In the long run, maybe last week's trades will be the best thing that ever happened

Here's a horrible, painful, totally hurtful thought: Someday, maybe three years from now, we'll look back on the six-game winning streak of July 2017 - last week's mini-hallucination of hope - as the best thing that ever happened to the Yankees. 

Yep. No misprint. The best that ever happened.

By then, Dustin Fowler, James Kaprielian and Jorge Mateo could be fixtures in Oakland, and Blake Rutherford could be emerging for the White Sox. Unless we're sporting a new world series ring, last week's brief surge could go down as the Great False Read of 2017. That little streak would be remembered as Brian Cashman's justification for ditching the Yankee rebuilding plan and chasing the brass ring... which in turn spawned his contract year downfall.

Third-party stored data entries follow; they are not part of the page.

(* Let $\mathcal X$ be a finite set (e.g. $\mathcal X=\mathcal V^L$), let $P,Q$ be probability distributions on $\mathcal X$, let $\delta>0$, let $\mathcal X_{\mathrm{Trunc}}=\{\mathbf x\in\mathcal X: Q(\mathbf x)\ge\delta\}$ and $\Delta=1-P(\mathcal X_{\mathrm{Trunc}})$, and assume $\Delta<1$. Let $P^{\mathrm{Trunc}}=P(\cdot\mid \mathcal X_{\mathrm{Trunc}})$ and $$\mathcal L^{\Delta}_{\mathrm{Trunc}}=-\mathbb E_{\mathbf x\sim P}\big[\mathbf 1_{\{Q(\mathbf x)\ge\delta\}}\log Q(\mathbf x)\big].$$ For any $\epsilon>0$, if $\mathcal L^{\Delta}_{\mathrm{Trunc}}\le \epsilon+(1-\Delta)H(P^{\mathrm{Trunc}})$, then there exists $\lambda\in(0,\infty)$ such that the precision–recall pair $(\alpha,\beta)=(\alpha_\lambda(P\Vert Q),\beta_\lambda(P\Vert Q))$ satisfies $\beta\ge (1-\Delta)-\sqrt{\epsilon}$ and $\alpha\ge 1-\sqrt{\frac{\epsilon}{2(1-\Delta)}}$.
   Context: $H$ denotes Shannon entropy (natural logarithm). For $\lambda\in(0,\infty)$, $\alpha_\lambda(P\Vert Q)=\sum_{\mathbf x}\min(\lambda P(\mathbf x),Q(\mathbf x))$ and $\beta_\lambda(P\Vert Q)=\sum_{\mathbf x}\min(P(\mathbf x),Q(\mathbf x)/\lambda)$. When $Q$ is autoregressive on sequences, $\log Q(\mathbf x)=\sum_{l=1}^L\log Q(x_l\mid\mathbf x_{<l})$, so the loss above is the ''Trunc'' loss $-\mathbb E_{\mathbf x\sim P}[\sum_l \mathbf 1_{\{Q(\mathbf x)\ge\delta\}}\log Q(x_l\mid \mathbf x_{<l})]$. *)

From mathcomp Require Import all_boot all_order all_algebra.
From mathcomp Require Import reals exp.
Set Implicit Arguments. Unset Strict Implicit. Unset Printing Implicit Defensive.
Import Order.TTheory GRing.Theory Num.Theory.
Local Open Scope ring_scope.

Section Defs.
Variables (R : realType) (T : finType).

Definition is_distr (P : T -> R) : Prop :=
  (forall x, 0 <= P x) /\ \sum_(x : T) P x = 1.

Definition entropy (P : T -> R) : R :=
  - \sum_(x : T | P x != 0) P x * ln (P x).

Definition Xtrunc (Q : T -> R) (delta : R) : {pred T} := fun x => delta <= Q x.

Definition probA (P : T -> R) (A : {pred T}) : R := \sum_(x : T | A x) P x.

Definition trunc_mass_loss (P Q : T -> R) (delta : R) : R :=
  1 - probA P (Xtrunc Q delta).

Definition cond_distr (P : T -> R) (A : {pred T}) : T -> R :=
  fun x => if A x then P x / probA P A else 0.

Definition trunc_loss (P Q : T -> R) (delta : R) : R :=
  - \sum_(x : T) P x * (if delta <= Q x then ln (Q x) else 0).

Definition alpha_pr (lam : R) (P Q : T -> R) : R :=
  \sum_(x : T) Num.min (lam * P x) (Q x).
Definition beta_pr (lam : R) (P Q : T -> R) : R :=
  \sum_(x : T) Num.min (P x) (Q x / lam).

End Defs.

(* Take lambda = 1 / P(X_Trunc) and write P' = P^Trunc.  Then beta_lambda =
   alpha_lambda / lambda and alpha_lambda >= sum_{X_Trunc} min(P', Q).  The
   cross entropy of P' against Q on X_Trunc is H(P') + KL(P' || Q), so the
   hypothesis bounds this KL by eps / (1 - Delta).  A Pinsker inequality for
   the sub-probability Q restricted to X_Trunc then gives
   sum min(P', Q) >= 1 - sqrt(KL / 2).  It is proved pointwise: the bound
   u ln(u/v) - u + v >= 3 (u - v)^2 / (2 (u + 2v)) controls |u - v| by AM-GM
   with a free weight s; summing and taking s = sqrt(KL / 2) gives the
   overlap bound, the missing mass of Q only helping. *)

From mathcomp Require Import all_boot all_order all_algebra.
From mathcomp Require Import reals normedtype exp derive realfun.
From mathcomp Require Import ring lra.
Set Implicit Arguments.
Unset Strict Implicit.
Unset Printing Implicit Defensive.

Import Order.TTheory GRing.Theory Num.Theory.
Import numFieldNormedType.Exports.
Local Open Scope ring_scope.

Section LnLowerBound.
Variable R : realType.

(* [u * ln_gap (u / v)] is the slack in [kl_integrand_ge]; its derivative has
   the sign of [(t - 1)^3], so it vanishes only at its minimum [t = 1]. *)
Definition ln_gap (t : R) := ln t + 4^-1 * t^-1 + 27/4 * (t + 2)^-1 - 5/2.

Lemma is_derive_ln_gap (t : R) : 0 < t ->
  is_derive t 1 ln_gap ((t - 1) ^+ 3 / (t ^+ 2 * (t + 2) ^+ 2)).
Proof.
move=> t0; have t2 : 0 < t + 2 by lra.
have dV : is_derive t (1 : R) GRing.inv (- t ^- 2 *: 1).
  by apply: (@is_deriveV _ id); rewrite gt_eqF.
have dV2 : is_derive t (1 : R) (fun y => (y + 2)^-1) (- (t + 2) ^- 2 *: 1).
  by apply: (@is_deriveV _ (+%R^~ 2)); [rewrite gt_eqF | exact: is_derive_shift].
apply: is_derive_eq (is_deriveB (is_deriveD (is_deriveD (is_derive1_ln t0)
  (is_deriveZ 4^-1 dV)) (is_deriveZ (27/4) dV2)) (is_derive_cst (5/2 : R) t 1)) _.
by rewrite /GRing.scale /= !mulr1 subr0; field; rewrite !gt_eqF.
Qed.

Lemma ln_gap_ge0 (t : R) : 0 < t -> 0 <= ln_gap t.
Proof.
have ln_gap1 : ln_gap 1 = 0 by rewrite /ln_gap ln1 invr1; field.
have MVT_ln_gap a b : 0 < a <= b -> exists2 c, a <= c <= b &
    ln_gap b - ln_gap a = (c - 1) ^+ 3 / (c ^+ 2 * (c + 2) ^+ 2) * (b - a).
  move=> /andP[a0 ab].
  have [x||c] := @MVT_segment _ ln_gap
      (fun c => (c - 1) ^+ 3 / (c ^+ 2 * (c + 2) ^+ 2)) a b ab.
  - by rewrite in_itv /= => /andP[ax _]; apply: is_derive_ln_gap; lra.
  - apply: derivable_within_continuous => y; rewrite in_itv /= => /andP[ax _].
    by case: (is_derive_ln_gap (lt_le_trans a0 ax)).
  by rewrite in_itv /=; exists c.
have denom_ge0 (c : R) : 0 <= c ^+ 2 * (c + 2) ^+ 2 by rewrite mulr_ge0 ?sqr_ge0.
move=> t0; case: (leP 1 t) => t1.
- have [c /andP[c1 _]] := MVT_ln_gap 1 t ltac:(lra).
  rewrite ln_gap1 subr0 => ->.
  by rewrite mulr_ge0 ?divr_ge0 ?exprn_odd_ge0 ?subr_ge0.
- have [c /andP[_ c1]] := MVT_ln_gap t 1 ltac:(lra).
  rewrite ln_gap1 sub0r => /(congr1 -%R); rewrite opprK => ->.
  rewrite -2!mulNr mulr_ge0 ?divr_ge0 ?oppr_ge0 ?exprn_odd_le0 //;
    by rewrite ?subr_ge0 ?subr_le0 // ltW.
Qed.

Lemma kl_integrand_ge (u v : R) : 0 <= u -> 0 < v ->
  3 * (u - v) ^+ 2 / (2 * (u + 2 * v)) <= u * (ln u - ln v) - u + v.
Proof.
move=> u0 v0; have uv : 0 < u + 2 * v by lra.
case: (ltrgt0P u) u0 => // [{}u0 _|-> _]; last first.
  have -> : 3 * (0 - v) ^+ 2 / (2 * (0 + 2 * v)) = 3 / 4 * v.
    by field; rewrite gt_eqF.
  by rewrite mul0r subr0 add0r ler_piMl ?ltW //; lra.
have := ln_gap_ge0 (divr_gt0 u0 v0); rewrite /ln_gap ln_div ?posrE // => gap.
rewrite -subr_ge0.
have -> : u * (ln u - ln v) - u + v - 3 * (u - v) ^+ 2 / (2 * (u + 2 * v)) =
    u * (ln u - ln v + 4^-1 / (u / v) + 27 / 4 / (u / v + 2) - 5 / 2).
  have uv2 : u / v + 2 = (u + 2 * v) / v by field; rewrite gt_eqF.
  by rewrite uv2; field; rewrite !gt_eqF.
exact: mulr_ge0 (ltW u0) gap.
Qed.

Lemma normr_le_sqr_div (w k : R) : 0 < k -> `|w| <= w ^+ 2 / (4 * k) + k.
Proof.
move=> k0; rewrite -subr_ge0 -real_normK ?num_real //.
have -> : `|w| ^+ 2 / (4 * k) + k - `|w| = (`|w| - 2 * k) ^+ 2 / (4 * k).
  by field; rewrite gt_eqF.
by rewrite divr_ge0 ?sqr_ge0 // ltW // mulr_gt0.
Qed.

Lemma normr_sub_le_kl_integrand (u v s : R) : 0 <= u -> 0 < v -> 0 < s ->
  `|u - v| <= (u * (ln u - ln v) - u + v) / (2 * s) + s * (u + 2 * v) / 3.
Proof.
move=> u0 v0 s0; have uv : 0 < u + 2 * v by lra.
have k0 : 0 < s * (u + 2 * v) / 3 by rewrite divr_gt0 ?mulr_gt0.
apply: le_trans (normr_le_sqr_div (u - v) k0) _; rewrite lerD2r.
have -> : (u - v) ^+ 2 / (4 * (s * (u + 2 * v) / 3)) =
    3 * (u - v) ^+ 2 / (2 * (u + 2 * v)) / (2 * s).
  by field; rewrite !gt_eqF.
by rewrite ler_pM2r ?invr_gt0 ?mulr_gt0 ?kl_integrand_ge.
Qed.

End LnLowerBound.

Section SubProbabilityPinsker.
Variables (R : realType) (T : finType).
Implicit Types (A : {pred T}) (U Q : T -> R).

Definition rel_entropy_on A U Q : R := \sum_(x | A x) U x * (ln (U x) - ln (Q x)).

Lemma pinsker_sum_min A U Q (s : R) :
  (forall x, A x -> 0 <= U x) -> (forall x, A x -> 0 < Q x) ->
  \sum_(x | A x) U x = 1 -> \sum_(x | A x) Q x <= 1 -> 0 < s ->
  rel_entropy_on A U Q <= 2 * s ^+ 2 ->
  1 - s <= \sum_(x | A x) Num.min (U x) (Q x).
Proof.
move=> U0 Q0 U1 V1 s0 kl.
set V := \sum_(x | A x) Q x in V1 *; set D := rel_entropy_on A U Q in kl.
set N := \sum_(x | A x) `|U x - Q x|.
have -> : \sum_(x | A x) Num.min (U x) (Q x) = (1 + V - N) / 2.
  under eq_bigr do rewrite minr_absE.
  by rewrite -mulr_suml sumrB big_split /= U1.
have N_le : N <= \sum_(x | A x) ((U x * (ln (U x) - ln (Q x)) - U x + Q x) / (2 * s)
                                   + s * (U x + 2 * Q x) / 3).
  by apply: ler_sum => x Ax; apply: normr_sub_le_kl_integrand (U0 x Ax) (Q0 x Ax) s0.
have sumE : \sum_(x | A x) ((U x * (ln (U x) - ln (Q x)) - U x + Q x) / (2 * s)
                                   + s * (U x + 2 * Q x) / 3) =
   (D - 1 + V) / (2 * s) + s * (1 + 2 * V) / 3.
  rewrite big_split /= -!mulr_suml -mulr_sumr.
  by rewrite !big_split /= sumrN -mulr_sumr U1.
rewrite sumE in N_le.
have D_le : (D - 1 + V) / (2 * s) <= s - (1 - V) / (2 * s).
  have -> : s - (1 - V) / (2 * s) = (2 * s ^+ 2 - 1 + V) / (2 * s).
    by field; rewrite gt_eqF.
  by rewrite ler_pM2r ?invr_gt0 ?mulr_gt0 // !lerD2r.
have AMGM : 1 <= (2 * s)^-1 + 2 * s / 3.
  rewrite -subr_ge0.
  have -> : (2 * s)^-1 + 2 * s / 3 - 1 = ((2 * s - 3 / 2) ^+ 2 + 3 / 4) / (6 * s).
    by field; rewrite gt_eqF.
  by apply: divr_ge0; [apply: addr_ge0; rewrite ?sqr_ge0 | ]; lra.
have : 1 - V <= (1 - V) * ((2 * s)^-1 + 2 * s / 3) by rewrite ler_peMr // subr_ge0.
lra.
Qed.

End SubProbabilityPinsker.

Section TruncatedDistributions.
Variables (R : realType) (T : finType).
Implicit Types (P Q : T -> R) (A : {pred T}).

Lemma probA_le1 P A : is_distr P -> probA P A <= 1.
Proof.
move=> [P0 <-]; rewrite /probA [leRHS](bigID A) /= lerDl.
by apply: sumr_ge0 => x _.
Qed.

Lemma trunc_lossE P Q delta :
  trunc_loss P Q delta = - \sum_(x | Xtrunc Q delta x) P x * ln (Q x).
Proof.
rewrite /trunc_loss [in RHS]big_mkcond; congr -%R; apply: eq_bigr => x _.
by rewrite /Xtrunc; case: ifP; rewrite ?mulr0.
Qed.

Lemma cond_distrE P A x : A x -> cond_distr P A x = P x / probA P A.
Proof. by rewrite /cond_distr => ->. Qed.

Lemma cond_distr_ge0 P A x : (forall y, 0 <= P y) -> 0 <= probA P A ->
  0 <= cond_distr P A x.
Proof. by move=> P0 p0; rewrite /cond_distr; case: ifP => // _; rewrite divr_ge0. Qed.

Lemma sum_cond_distr P A : 0 < probA P A -> \sum_(x | A x) cond_distr P A x = 1.
Proof.
move=> p0; under eq_bigr => x /cond_distrE -> do [].
by rewrite -mulr_suml divff ?gt_eqF.
Qed.

Lemma entropy_cond_distr P A :
  entropy (cond_distr P A) = - \sum_(x | A x) cond_distr P A x * ln (cond_distr P A x).
Proof.
rewrite /entropy big_mkcond [in RHS]big_mkcond; congr -%R; apply: eq_bigr => x _.
rewrite /cond_distr; case: (A x); last by rewrite eqxx.
by case: eqP => [->|]; rewrite ?mul0r.
Qed.

Lemma cross_entropy_cond_distr P Q A : 0 < probA P A ->
  - \sum_(x | A x) P x * ln (Q x) =
  probA P A * (entropy (cond_distr P A) + rel_entropy_on A (cond_distr P A) Q).
Proof.
move=> p0; rewrite entropy_cond_distr addrC -sumrB mulr_sumr -sumrN.
apply: eq_bigr => x Ax; rewrite -mulrBr addrAC subrr add0r !mulrN mulrA.
by rewrite cond_distrE // (mulrC (probA P A)) divfK ?gt_eqF.
Qed.

Lemma beta_prE lam P Q : 0 < lam -> beta_pr lam P Q = lam^-1 * alpha_pr lam P Q.
Proof.
move=> lam0; rewrite /beta_pr /alpha_pr mulr_sumr; apply: eq_bigr => x _.
by rewrite minr_pMr ?invr_ge0 ?ltW // mulKf ?gt_eqF // (mulrC _^-1).
Qed.

Lemma alpha_pr_ge_restr lam P Q A : 0 <= lam ->
  (forall x, 0 <= P x) -> (forall x, 0 <= Q x) ->
  \sum_(x | A x) Num.min (lam * P x) (Q x) <= alpha_pr lam P Q.
Proof.
move=> lam0 P0 Q0; rewrite /alpha_pr [leRHS](bigID A) /= lerDl.
by apply: sumr_ge0 => x _; rewrite le_min mulr_ge0 ?P0 ?Q0.
Qed.

Lemma alpha_pr_cond_ge P Q A (s : R) : is_distr P -> is_distr Q ->
  0 < probA P A -> (forall x, A x -> 0 < Q x) -> 0 < s ->
  rel_entropy_on A (cond_distr P A) Q <= 2 * s ^+ 2 ->
  1 - s <= alpha_pr (probA P A)^-1 P Q.
Proof.
move=> distrP distrQ p0 QA s0 kl.
apply: le_trans (alpha_pr_ge_restr A _ distrP.1 distrQ.1); last by rewrite invr_ge0 ltW.
under eq_bigr => x /(cond_distrE P) Ax do rewrite mulrC -Ax.
apply: pinsker_sum_min QA _ _ s0 kl.
- by move=> x _; apply: cond_distr_ge0; [exact: distrP.1 | exact: ltW].
- exact: sum_cond_distr.
- exact: probA_le1 A distrQ.
Qed.

End TruncatedDistributions.

Lemma mul_sqrt_div_le (R : realType) (p e : R) : 0 < p -> p <= 1 -> 0 <= e ->
  p * Num.sqrt (e / (2 * p)) <= Num.sqrt e.
Proof.
move=> p0 p1 e0.
rewrite -{1}(ger0_norm (ltW p0)) -sqrtr_sqr -sqrtrM ?sqr_ge0 // ler_sqrt //.
have -> : p ^+ 2 * (e / (2 * p)) = p / 2 * e by field; rewrite gt_eqF.
by apply: ler_piMl => //; lra.
Qed.

Theorem proposition5p2 (R : realType) (T : finType) (P Q : T -> R) (delta eps : R) :
  is_distr P -> is_distr Q -> 0 < delta ->
  trunc_mass_loss P Q delta < 1 ->
  0 < eps ->
  trunc_loss P Q delta <=
    eps + (1 - trunc_mass_loss P Q delta) * entropy (cond_distr P (Xtrunc Q delta)) ->
  exists lam : R, 0 < lam /\
    beta_pr lam P Q >= (1 - trunc_mass_loss P Q delta) - Num.sqrt eps /\
    alpha_pr lam P Q >=
      1 - Num.sqrt (eps / (2 * (1 - trunc_mass_loss P Q delta))).
Proof.
move=> distrP distrQ delta0 + eps0; rewrite /trunc_mass_loss subKr.
set A := Xtrunc Q delta; set p := probA P A => mass_lt1 hL.
have {mass_lt1}p0 : 0 < p by lra.
set s := Num.sqrt (eps / (2 * p)).
have s0 : 0 < s by rewrite sqrtr_gt0 divr_gt0 ?mulr_gt0.
have kl : rel_entropy_on A (cond_distr P A) Q <= 2 * s ^+ 2.
  have -> : 2 * s ^+ 2 = eps / p.
    by rewrite sqr_sqrtr ?divr_ge0 ?mulr_ge0 ?ltW //; field; rewrite gt_eqF.
  rewrite trunc_lossE cross_entropy_cond_distr // mulrDr [leRHS]addrC lerD2l in hL.
  by rewrite ler_pdivlMr // mulrC.
have alpha : 1 - s <= alpha_pr p^-1 P Q.
  by apply: alpha_pr_cond_ge => // x; apply: lt_le_trans.
have ps : p * s <= Num.sqrt eps.
  by rewrite mul_sqrt_div_le ?(probA_le1 A distrP) ?ltW.
exists p^-1; split; first by rewrite invr_gt0.
split => //; rewrite beta_prE ?invr_gt0 // invrK.
have := ler_wpM2l (ltW p0) alpha; lra.
Qed.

If the Yankees collapse, could Cashman finally go?

Looking back, we might laugh at our own gullibility. We won six in a row against middling Seattle, the last place Reds and Tampa, which kicked the ball around like Manchester United. Suddenly, we found ourselves like Chauncy Gardiner in first place and - as a result - scrapped the long range rebuilding plan for an all-or-nothing run. It will be remembered as "the Todd Frazier period," when we briefly assumed the mantle of "Golden State Warriors of baseball." How mockingly will that phrase be used.

Oh, we'll say, what a jolly time it was! Six wins. It was as if the entire team took part in an IT IS HIGH drunk blog. Six wins! - sandwiched by lengthy, soul-sapping slumps. It began by losing two out of three to dismal Detroit, then we went to Cleveland, Toronto and Boston. And by mid August... ugh...

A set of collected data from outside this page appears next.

Definition im_block_dr (n : nat) (l b r t : R) : R :=
  l * (INR n * r ^ pred n * sin (INR n * t + b) + sin (b - t)).
Definition im_block_dt (n : nat) (l b r t : R) : R :=
  l * (INR n * r ^ n * cos (INR n * t + b) - r * cos (b - t)).
Definition im_block_drr (n : nat) (l b r t : R) : R :=
  l * (INR n * INR (pred n) * r ^ pred (pred n) * sin (INR n * t + b)).
Definition im_block_drt (n : nat) (l b r t : R) : R :=
  l * (INR n * INR n * r ^ pred n * cos (INR n * t + b) - cos (b - t)).
Definition im_block_dtt (n : nat) (l b r t : R) : R :=
  - l * (INR n * INR n * r ^ n * sin (INR n * t + b) + r * sin (b - t)).

Ltac solve_line_derive :=
  intros; auto_derive; [auto |];
  unfold im_block_dr, im_block_dt, im_block_drr, im_block_drt, im_block_dtt, Rminus; ring.

Section BlockLines.
Variables (n : nat) (l b r t u1 u2 s : R).

Lemma is_derive_im_block_line :
  is_derive (fun x => im_block n l b (r + x * u1) (t + x * u2)) s
    (u1 * im_block_dr n l b (r + s * u1) (t + s * u2)
     + u2 * im_block_dt n l b (r + s * u1) (t + s * u2)).
Proof. unfold im_block; solve_line_derive. Qed.

Lemma is_derive_im_block_dr_line :
  is_derive (fun x => im_block_dr n l b (r + x * u1) (t + x * u2)) s
    (u1 * im_block_drr n l b (r + s * u1) (t + s * u2)
     + u2 * im_block_drt n l b (r + s * u1) (t + s * u2)).
Proof. unfold im_block_dr; solve_line_derive. Qed.

Lemma is_derive_im_block_dt_line :
  is_derive (fun x => im_block_dt n l b (r + x * u1) (t + x * u2)) s
    (u1 * im_block_drt n l b (r + s * u1) (t + s * u2)
     + u2 * im_block_dtt n l b (r + s * u1) (t + s * u2)).
Proof. unfold im_block_dt; solve_line_derive. Qed.
End BlockLines.

Section TwoBlocks.
Variables (n1 : nat) (l1 b1 : R) (n2 : nat) (l2 b2 : R).

Definition two_blocks : fun4 := fun r1 t1 r2 t2 =>
  im_block n1 l1 b1 r1 t1 + im_block n2 l2 b2 r2 t2.
Section Ensemble.
Variables (C : numClosedFieldType) (V nb R : nat) (blk : 'I_nb -> {set 'I_V}).
Variables (E : 'I_V -> 'M[C]_(nb, R)) (H1 : 'M[C]_R.+1) (k1 : 'I_R.+1).
Variables (H2 : 'M[C]_V.+1) (k2 : 'I_V.+1).

Local Notation phi := (simplex_vec H1 k1).
Local Notation a := (naimark H1 k1).
Local Notation psi := (simplex_vec H2 k2).
Local Notation b := (naimark H2 k2).
Local Notation ens := (ensemble E H1 k1 H2 k2).
Local Notation index := ('I_R.+1 * 'I_V + 'I_V.+1)%type.

Definition ensemble_blocks (i : index) : 'cV[C]_nb :=
  if i is inl (s, v) then E v *m phi s else 0.

Definition ensemble_points (i : index) : 'cV[C]_V :=
  match i with
  | inl (s, v) => (sqrtC 2 * a s) *: delta_mx v 0
  | inr t => sqrtC 2^-1 *: psi t
  end.

Definition ensemble_last (i : index) : 'cV[C]_1 :=
  if i is inr t then const_mx (sqrtC (3 / 2) * b t) else 0.

Lemma ensembleE (i : index) :
  ens i = col_mx (ensemble_blocks i) (col_mx (ensemble_points i) (ensemble_last i)).
Proof. by case: i => [[]|]. Qed.

Lemma dotv_ensemble_ll s v s' v' :
  dotv (ens (inl (s, v))) (ens (inl (s', v'))) =
  dotv (E v *m phi s) (E v' *m phi s') + (v == v')%:R * 2 * (a s * (a s')^*).
Proof.
rewrite /= !dotv_col_mx dotv0l addr0 dotvZl dotvZr dotv_deltal mxE eqxx andbT.
rewrite rmorph_nat rmorphM /= -[2 in RHS](@sqrtC_mul_conj C) ?ler0n //; ring.
Qed.

Lemma dotv_ensemble_lr s v t :
  dotv (ens (inl (s, v))) (ens (inr t)) = a s * (psi t v 0)^*.
Proof.
rewrite /= !dotv_col_mx dotv0r dotv0l add0r addr0 dotvZl dotvZr dotv_deltal mxE.
have sqrt2_inv : sqrtC 2 * sqrtC 2^-1 = 1 :> C.
  by rewrite -sqrtCM ?nnegrE ?invr_ge0 ?ler0n // mulfV ?pnatr_eq0 // sqrtC1.
by rewrite conj_sqrtC ?invr_ge0 ?ler0n // mulrACA sqrt2_inv mul1r.
Qed.

Lemma dotv_ensemble_rr t t' :
  dotv (ens (inr t)) (ens (inr t')) =
  2^-1 * dotv (psi t) (psi t') + 3 / 2 * (b t * (b t')^*).
Proof.
rewrite /= !dotv_col_mx dotv0l add0r dotvZl dotvZr dotv_const1 rmorphM /=.
rewrite mulrA sqrtC_mul_conj ?invr_ge0 ?ler0n // mulrACA sqrtC_mul_conj //.
by rewrite divr_ge0 ?ler0n.
Qed.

Listen: I'm saying this in the hope that, by putting it in writing, it cannot happen. But this is serious: We may soon call for a juju intervention. Last night, our June-July malaise officially began stretching into August. Today, like those campers in The Blair Witch Project, we're right back to where we were, before we started clomping around in the woods. We're scraping the chalk board as our fingernails slide,  and we're once again chasing a wild card berth - a wild card berth - in a field where all but two AL teams remain contenders.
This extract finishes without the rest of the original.